Anybody actually read my essay? I'd love to get some feedback. I don't sense a huge capoeira presence on MT. It would be cool to get some further insight into some great mestre's


----------



## Flying Crane

i'll give it a read and get back to you, as soon as I get the time.


----------



## Flying Crane

Casey, I haven't had a chance to read it yet, and want to give it my full attention and consideration so I don't want to rush it until I have the time to do it right.

I was wondering, for my own reference in reading your work, what experience have you had with capoeira?  any formal training, and if so, with who and for how long?  If so, have you developed any skill with the birimbau yet?

If you haven't trained capoeira, was this paper written purely from a musical point of view?  

thx.

michael


----------



## MartialIntent

Would you be interested in an opinion from an avid [_non_-capoeirista!] reader...?

I thought the introduction was intriguing and got me hooked immediately, unfortunately for me, my interest waned as the article became increasingly light with your own narrative and insight and heavy with quotation.

As the reader is led away from your own descriptive writing it becomes a little apparent that _maybe_ you haven't had a great deal of experience of the roda? Apologies if this is incorrect!

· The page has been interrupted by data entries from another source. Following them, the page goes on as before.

(** lo <= sum_{g in G} F g <= hi, for F >= 0, where the (unordered) sum over G
    is the supremum of the finite partial sums. *)
Definition sum_between {T : Type} (G : T -> Prop) (F : T -> R) (lo hi : R) : Prop :=
  (forall l, NoDup l -> Forall G l -> list_sum_R F l <= hi) /\
  (forall eps, eps > 0 -> exists l, NoDup l /\ Forall G l /\ lo - eps < list_sum_R F l).

Definition semi_continuous_frame {X : CHilbert} (E : R -> X -> X)
    (G : X -> Prop) (tau : R) : Prop :=
  exists c1 c2, 0 < c1 /\ 0 < c2 /\ forall x : X,
    sum_between G (fun g => RInt (fun t => Cabs2 (inner x (E t g))) 0 tau)
      (c1 * (vnorm x)^2) (c2 * (vnorm x)^2).

From Coquelicot Require Import Coquelicot.
From Stdlib Require Import Reals Lra Psatz List Classical ClassicalEpsilon Arith Lia.
From Pilot Require Import Defs.
Open Scope R_scope.

(* If G were a finite family g_1, ..., g_m, infinite dimensionality would give
   y <> 0 orthogonal to all (A^* )^n g_i with n <= N.  The power series
   <y, e^{tA^* } g_i> = sum_n t^n/n! <y, (A^* )^n g_i> then starts at n = N+1,
   so for t in [0, tau) it is at most |y| |g_i| times the tail
   exp(tau |A^* |) - sum_{n <= N} (tau |A^* |)^n / n!.  Hence the frame sum at y
   is O(tail^2) |y|^2, contradicting the lower frame bound c1 |y|^2 for large N. *)

Lemma Cplx_ext (a b : Cplx) : re a = re b -> im a = im b -> a = b.
Proof. destruct a, b; simpl; intros -> ->; reflexivity. Qed.

Definition Copp (a : Cplx) : Cplx := mkC (- re a) (- im a).
Definition Csub (a b : Cplx) : Cplx := Cadd a (Copp b).

Lemma Cplx_ring_theory : ring_theory C0 C1 Cadd Cmul Csub Copp (@eq Cplx).
Proof.
  constructor; intros; apply Cplx_ext; unfold Cadd, Cmul, Csub, Copp, C0, C1; simpl; ring.
Qed.
Add Ring Cplx_ring : Cplx_ring_theory.

Lemma Cconj_add a b : Cconj (Cadd a b) = Cadd (Cconj a) (Cconj b).
Proof. apply Cplx_ext; simpl; ring. Qed.

Lemma Cconj_mul a b : Cconj (Cmul a b) = Cmul (Cconj a) (Cconj b).
Proof. apply Cplx_ext; simpl; ring. Qed.

Lemma Cconj_RtoC r : Cconj (RtoC r) = RtoC r.
Proof. apply Cplx_ext; simpl; ring. Qed.

Lemma Cabs2_mul a b : Cabs2 (Cmul a b) = Cabs2 a * Cabs2 b.
Proof. unfold Cabs2; simpl; ring. Qed.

While your article is certainly well-researched and technically competent, my only advice from a readability [grading?] point of view would be to call up your nearest Capoeira school and get yourself off to your nearest session for an hour - I'm sure they'll be more than happy to have an interested researcher - and bring your notepad and mp3 player / recorder - record the live roda to slot in the article, and get some first hand insight - as a martial artist yourself, you know getting yourself off to class is the only way to do it: first hand! Right?

For me a technical essay on the various musical elements of the roda is an odd paradox - the roda being the great Capoeira game of unpredictable interchanges and flowing physical movement backed by the mysterious, fascinating call-and-reply rhythms of the berimbau and is built around passion and about fun and while your essay is certainly efficient, it's maybe lacking the expression of that excitement - and there's certainly room for this within the formal structure of a coursework essay.

More of *your own* experiences of listening to the instruments and less of the experts will provide a stronger, fuller, more cohesive essay I feel.

Good luck though.

Respects!


----------



## Flying Crane

Regarding the technical writing aspects of the paper, I have to agree with MartialIntent in that you used a heavy reliance on quotation, where you might have more effectively put the information into your own words while giving credit to your sources.  Also, check your writing manuals, I believe that lengthy quotes should be offset as their own paragraph, slightly indented.

As far as the content of the paper, you have picked a very difficult topic and you deserve a pat on the back for taking up the challenge.  In all honesty, this is a topic that could become a PhD Dissertation.  Until just recently, there have been few written sources in English about capoeira, and by extension the berimbau and atabaque, so unless you read Portuguese you can find yourself limited.  More recently a few more works have been published, some of which have been of a higher quality of scholarship than many of the previous works.  I would suggest you get a copy of _Capoeira: The Jogo de Angola From Luanda to Cyberspace_, by Gerard Taylor.  So far only Volume One of Two is available, but I have found this book to be by far the most informative, as well as the most ambitious work in tackling the highly convoluted and confusing history of Africa and Brazil that meshed to create capoeira.  This book also makes it very clear how difficult this research is, trying to make sense of what was happening in Africa and Brazil that lead to modern capoeira and the development of all aspects of the music that has become part of it.  His research into Africa goes back as far as the time of the crusades, if I remember correctly.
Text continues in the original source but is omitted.